What the task requires: Take the line containing "apply pwm_parity_scal, Hpar." in the listing below and copy it, along with every line after it, without alteration.

Raw data:
(* For D = 1/2 every p_k with k >= 1 has one of two mirror symmetries: even about
   t = 1/2 and odd about t = 1/4 on [0,1/2], or odd about 1/2 and even about 1/4.
   Integrating from 1/2 swaps the two kinds up to an additive constant, the
   p_0-component of Gram-Schmidt removes that constant, and the projections onto
   earlier p_l of the other kind vanish; so p_k has the first symmetry for odd k and
   the second for even k >= 2.  Since g is odd about 1/2, the first symmetry gives (i).
   Both symmetries and the constants are orthogonal to the square wave w equal to
   1, -1, 1, -1 on the four quarters of [0,1]; as <g, w> = 1/2 and ||w|| = 1, every
   combination S of the p_k has ||g - S|| >= <g - S, w> = 1/2. *)

Ltac solve_continuity :=
  repeat first
    [ assumption
    | apply continuity_plus | apply continuity_minus | apply continuity_mult
    | apply continuity_opp
    | apply continuity_const; intros ? ?; reflexivity
    | exact (derivable_continuous _ derivable_id) ].

Lemma integral_RInt (f : R -> R) a b : ex_RInt f a b -> integral f a b = RInt f a b.
Proof.
  intros Hf. unfold integral.
  destruct (epsilon_spec (inhabits 0)
              (fun I => exists pr : Riemann_integrable f a b, RiemannInt pr = I))
    as [pr <-].
  - eexists. exists (ex_RInt_Reals_0 _ _ _ Hf). reflexivity.
  - rewrite <- RInt_Reals. reflexivity.
Qed.

Lemma ex_RInt_continuity f a b : continuity f -> ex_RInt f a b.
Proof.
  intros Hf. apply (@ex_RInt_continuous R_CompleteNormedModule).
  intros z _. apply continuity_pt_filterlim, Hf.
Qed.

Ltac solve_ex_RInt := apply ex_RInt_continuity; solve_continuity.

Lemma continuity_RInt f a : continuity f -> continuity (fun t => RInt f a t).
Proof.
  intros Hf x. apply continuity_pt_filterlim, (continuous_RInt_1 f a x).
  apply filter_forall. intros y.
  apply (@RInt_correct R_CompleteNormedModule), ex_RInt_continuity, Hf.
Qed.

Lemma RInt_reflect f c a b : continuity f ->
  RInt (fun y => f (c - y)) a b = RInt f (c - b) (c - a) :> R.
Proof.
  intros Hf.
  pose proof (RInt_comp_lin f (-1) c a b (ex_RInt_continuity _ _ _ Hf)) as Hlin.
  replace (-1 * a + c) with (c - a) in Hlin by ring.
  replace (-1 * b + c) with (c - b) in Hlin by ring.
  rewrite <- (opp_RInt_swap f (c - a) (c - b)) by apply ex_RInt_continuity, Hf.
  rewrite <- Hlin, <- RInt_opp.
  - apply RInt_ext. intros x _. cbn. unfold scal; cbn; unfold mult; cbn.
    replace (-1 * x + c) with (c - x) by ring. ring.
  - apply (ex_RInt_comp_lin f (-1) c a b), ex_RInt_continuity, Hf.
Qed.

(* Coquelicot's lemmas are stated in a normed module, with [plus], [opp] and [scal];
   these instances state them over R, with [:> R] so that [ring] and [lra] apply. *)
Lemma RInt_Chasles_R (f : R -> R) a b c : ex_RInt f a b -> ex_RInt f b c ->
  RInt f a b + RInt f b c = RInt f a c.
Proof. exact (RInt_Chasles f a b c). Qed.

Lemma RInt_swap_R (f : R -> R) a b : ex_RInt f a b -> RInt f b a = - RInt f a b :> R.
Proof. intros Hf. symmetry. exact (opp_RInt_swap f a b Hf). Qed.

Lemma RInt_plus_R (f g : R -> R) a b : ex_RInt f a b -> ex_RInt g a b ->
  RInt (fun x => f x + g x) a b = RInt f a b + RInt g a b :> R.
Proof. exact (RInt_plus f g a b). Qed.

Lemma RInt_scal_R (f : R -> R) a b l : ex_RInt f a b ->
  RInt (fun x => l * f x) a b = l * RInt f a b :> R.
Proof. exact (RInt_scal f a b l). Qed.

Lemma RInt_const_R a b c : RInt (fun _ => c) a b = c * (b - a) :> R.
Proof. rewrite RInt_const. unfold scal; cbn; unfold mult; cbn. ring. Qed.

Definition reflects (c e a b : R) (f : R -> R) : Prop :=
  forall t, a <= t <= b -> f (c - t) = e * f t.

Lemma reflects_between c e a b f x y : reflects c e a b f ->
  a <= x <= b -> a <= y <= b -> reflects c e (Rmin x y) (Rmax x y) f.
Proof.
  intros Hf Hx Hy t Ht. apply Hf. unfold Rmin, Rmax in Ht. destruct Rle_dec; lra.
Qed.

Lemma RInt_reflects f c e a b : continuity f -> reflects c e (Rmin a b) (Rmax a b) f ->
  RInt f (c - b) (c - a) = e * RInt f a b :> R.
Proof.
  intros Hc Hf. rewrite <- RInt_reflect, <- RInt_scal_R by (exact Hc || apply ex_RInt_continuity, Hc).
  apply RInt_ext. intros t Ht. apply Hf. lra.
Qed.

Lemma RInt_reflects_odd f a b : continuity f -> a <= b -> reflects (a + b) (-1) a b f ->
  RInt f a b = 0 :> R.
Proof.
  intros Hc Hab Hf.
  pose proof (RInt_reflects f (a + b) (-1) a b Hc) as H.
  rewrite Rmin_left, Rmax_right in H by exact Hab.
  replace (a + b - b) with a in H by ring. replace (a + b - a) with b in H by ring.
  specialize (H Hf). lra.
Qed.

Lemma reflects_plus c e a b f g : reflects c e a b f -> reflects c e a b g ->
  reflects c e a b (fun t => f t + g t).
Proof. intros Hf Hg t Ht. rewrite Hf, Hg by exact Ht. ring. Qed.

Lemma reflects_opp c e a b f : reflects c e a b f -> reflects c e a b (fun t => - f t).
Proof. intros Hf t Ht. rewrite Hf by exact Ht. ring. Qed.

Lemma reflects_scal c e a b f l : reflects c e a b f -> reflects c e a b (fun t => f t * l).
Proof. intros Hf t Ht. rewrite Hf by exact Ht. ring. Qed.

Lemma reflects_mult c e e' a b f g : reflects c e a b f -> reflects c e' a b g ->
  reflects c (e * e') a b (fun t => f t * g t).
Proof. intros Hf Hg t Ht. rewrite Hf, Hg by exact Ht. ring. Qed.

Definition pwm_parity (e : R) (f : R -> R) : Prop :=
  reflects 1 e 0 1 f /\ reflects (1/2) (- e) 0 (1/2) f.

Lemma pwm_parity_plus e f g : pwm_parity e f -> pwm_parity e g ->
  pwm_parity e (fun t => f t + g t).
Proof. intros [Hf1 Hf2] [Hg1 Hg2]. split; apply reflects_plus; assumption. Qed.

Lemma pwm_parity_minus e f g : pwm_parity e f -> pwm_parity e g ->
  pwm_parity e (fun t => f t - g t).
Proof.
  intros Hf [Hg1 Hg2]. apply pwm_parity_plus; [exact Hf | split; apply reflects_opp; assumption].
Qed.

Lemma pwm_parity_scal e f l : pwm_parity e f -> pwm_parity e (fun t => f t * l).
Proof. intros [Hf1 Hf2]. split; apply reflects_scal; assumption. Qed.

Lemma pwm_parity_ext e f g : (forall t, f t = g t) -> pwm_parity e f -> pwm_parity e g.
Proof. intros E [Hf1 Hf2]. split; intros t Ht; rewrite <- !E; auto. Qed.

Lemma RInt_pwm_parity f e : continuity f -> pwm_parity e f -> RInt f 0 1 = 0 :> R.
Proof.
  intros Hc [H1 H2].
  pose proof (RInt_reflects f 1 e 0 (1/2) Hc) as Hright.
  pose proof (RInt_reflects f (1/2) (- e) 0 (1/2) Hc) as Hleft.
  rewrite Rmin_left, Rmax_right in Hright, Hleft by lra.
  replace (1 - 1/2) with (1/2) in Hright by lra. replace (1 - 0) with 1 in Hright by lra.
  replace (1/2 - 1/2) with 0 in Hleft by lra. replace (1/2 - 0) with (1/2) in Hleft by lra.
  specialize (Hright ltac:(intros t Ht; apply H1; lra)).
  specialize (Hleft ltac:(intros t Ht; apply H2; lra)).
  rewrite <- (RInt_Chasles_R f 0 (1/2) 1), Hright by apply ex_RInt_continuity, Hc.
  lra.
Qed.

Lemma L2inner_RInt f g : continuity f -> continuity g ->
  L2inner f g = RInt (fun s => f s * g s) 0 1 :> R.
Proof. intros Hf Hg. apply integral_RInt. solve_ex_RInt. Qed.

Lemma L2inner_pwm_parity_opp e f g : e * e = 1 -> continuity f -> continuity g ->
  pwm_parity e f -> pwm_parity (- e) g -> L2inner f g = 0.
Proof.
  intros He Hf Hg [Hf1 _] [Hg1 _]. rewrite L2inner_RInt by assumption.
  apply RInt_reflects_odd; [solve_continuity | lra |].
  replace (0 + 1) with 1 by ring. replace (-1) with (e * - e) by lra.
  apply reflects_mult; assumption.
Qed.

Lemma pwm_parity_antiderivative p e : continuity p -> pwm_parity e p ->
  pwm_parity (- e) (fun t => RInt p (1/2) t - RInt p (1/2) 0 / 2).
Proof.
  intros Hc [H1 H2].
  assert (Hex : forall a b, ex_RInt p a b) by (intros; apply ex_RInt_continuity, Hc).
  assert (HP1 : forall t, 0 <= t <= 1 -> RInt p (1/2) (1 - t) = - e * RInt p (1/2) t :> R).
  { intros t Ht.
    pose proof (RInt_reflects p 1 e t (1/2) Hc) as H.
    replace (1 - 1/2) with (1/2) in H by lra.
    rewrite H, (RInt_swap_R p t) by
      (apply Hex || apply reflects_between with 0 1; lra || assumption).
    ring. }
  assert (HP2 : forall t, 0 <= t <= 1/2 ->
            RInt p (1/2) (1/2 - t) = RInt p (1/2) 0 + e * RInt p (1/2) t :> R).
  { intros t Ht.
    pose proof (RInt_reflects p (1/2) (- e) t (1/2) Hc) as H.
    replace (1/2 - 1/2) with 0 in H by lra.
    rewrite <- (RInt_Chasles_R p (1/2) 0), H, (RInt_swap_R p t) by
      (apply Hex || apply reflects_between with 0 (1/2); lra || assumption).
    ring. }
  (* with P = RInt p (1/2), this lets the single shift P(0)/2 fit both reflections *)
  assert (Hhalf : (1 + e) * RInt p (1/2) 0 = 0).
  { pose proof (RInt_reflects p (1/2) (- e) 0 (1/2) Hc) as H.
    rewrite Rmin_left, Rmax_right in H by lra.
    replace (1/2 - 1/2) with 0 in H by lra. replace (1/2 - 0) with (1/2) in H by lra.
    rewrite (RInt_swap_R p 0) by apply Hex.
    specialize (H H2). lra. }
  split; intros t Ht.
  - rewrite HP1 by exact Ht. lra.
  - rewrite HP2 by exact Ht. lra.
Qed.

Definition lincomb (coef : (R -> R) -> R) (L : list (R -> R)) (t : R) : R :=
  fold_right (fun f acc => acc + f t * coef f) 0 L.

Lemma lincomb_closed (Q : (R -> R) -> Prop) coef L :
  Q (fun _ => 0) -> (forall f g, Q f -> Q g -> Q (fun t => f t + g t)) ->
  (forall f, In f L -> Q (fun t => f t * coef f)) -> Q (lincomb coef L).
Proof.
  intros H0 Hplus. induction L as [|f L IH]; intros HL; [exact H0|].
  apply (Hplus (lincomb coef L) (fun t => f t * coef f)).
  - apply IH. intros g Hg. apply HL. right. exact Hg.
  - apply HL. left. reflexivity.
Qed.

Lemma continuity_lincomb coef L : (forall f, In f L -> continuity f) ->
  continuity (lincomb coef L).
Proof.
  intros HL. apply lincomb_closed.
  - solve_continuity.
  - intros f g Hf Hg. solve_continuity.
  - intros f Hf. specialize (HL f Hf). solve_continuity.
Qed.

Section GramSchmidtStep.

Variables (e c : R) (P : R -> R) (L : list (R -> R)).
Hypothesis He : e * e = 1.
Hypothesis HPcont : continuity P.
Hypothesis HPpar : pwm_parity e P.
Hypothesis HL : forall f, In f L ->
  continuity f /\ (pwm_parity e f \/ pwm_parity (- e) f).

Lemma L2inner_p0_shift : L2inner pwm_p0 (fun t => c + P t) = c.
Proof.
  rewrite L2inner_RInt by (unfold pwm_p0; solve_continuity).
  unfold pwm_p0. rewrite (RInt_ext _ (fun s => c + P s)) by (intros; lra).
  rewrite RInt_plus_R, RInt_const_R, (RInt_pwm_parity P e) by (solve_ex_RInt || assumption).
  ring.
Qed.

Lemma L2inner_shift f : In f L -> L2inner f (fun t => c + P t) = L2inner f P.
Proof.
  intros Hf. destruct (HL f Hf) as [Hc Hpar].
  assert (Hmean : RInt f 0 1 = 0 :> R) by
    (destruct Hpar; eapply RInt_pwm_parity; eassumption).
  rewrite !L2inner_RInt by solve_continuity.
  rewrite (RInt_ext _ (fun s => c * f s + f s * P s)) by (intros; lra).
  rewrite RInt_plus_R, RInt_scal_R, Hmean by solve_ex_RInt. ring.
Qed.

Lemma pwm_parity_residual :
  pwm_parity e (fun t =>
    c + P t - lincomb (fun f => L2inner f (fun s => c + P s)) (pwm_p0 :: L) t).
Proof.
  apply (pwm_parity_ext e (fun t => P t - lincomb (fun f => L2inner f (fun s => c + P s)) L t)).
  { intros t. cbn [lincomb fold_right]. fold (lincomb (fun f => L2inner f (fun s => c + P s)) L t).
    rewrite L2inner_p0_shift. unfold pwm_p0. ring. }
  apply pwm_parity_minus; [exact HPpar|].
  apply lincomb_closed.
  - split; intros t _; ring.
  - apply pwm_parity_plus.
  - intros f Hf. rewrite L2inner_shift by exact Hf.
    destruct (HL f Hf) as [Hc [Hpar | Hpar]].
    + apply pwm_parity_scal, Hpar.
    + rewrite (L2inner_pwm_parity_opp (- e) f P) by (rewrite ?Ropp_involutive; lra || assumption).
      split; intros t _; ring.
Qed.

End GramSchmidtStep.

Answer for the task:
    + apply pwm_parity_scal, Hpar.
    + rewrite (L2inner_pwm_parity_opp (- e) f P) by (rewrite ?Ropp_involutive; lra || assumption).
      split; intros t _; ring.
Qed.

End GramSchmidtStep.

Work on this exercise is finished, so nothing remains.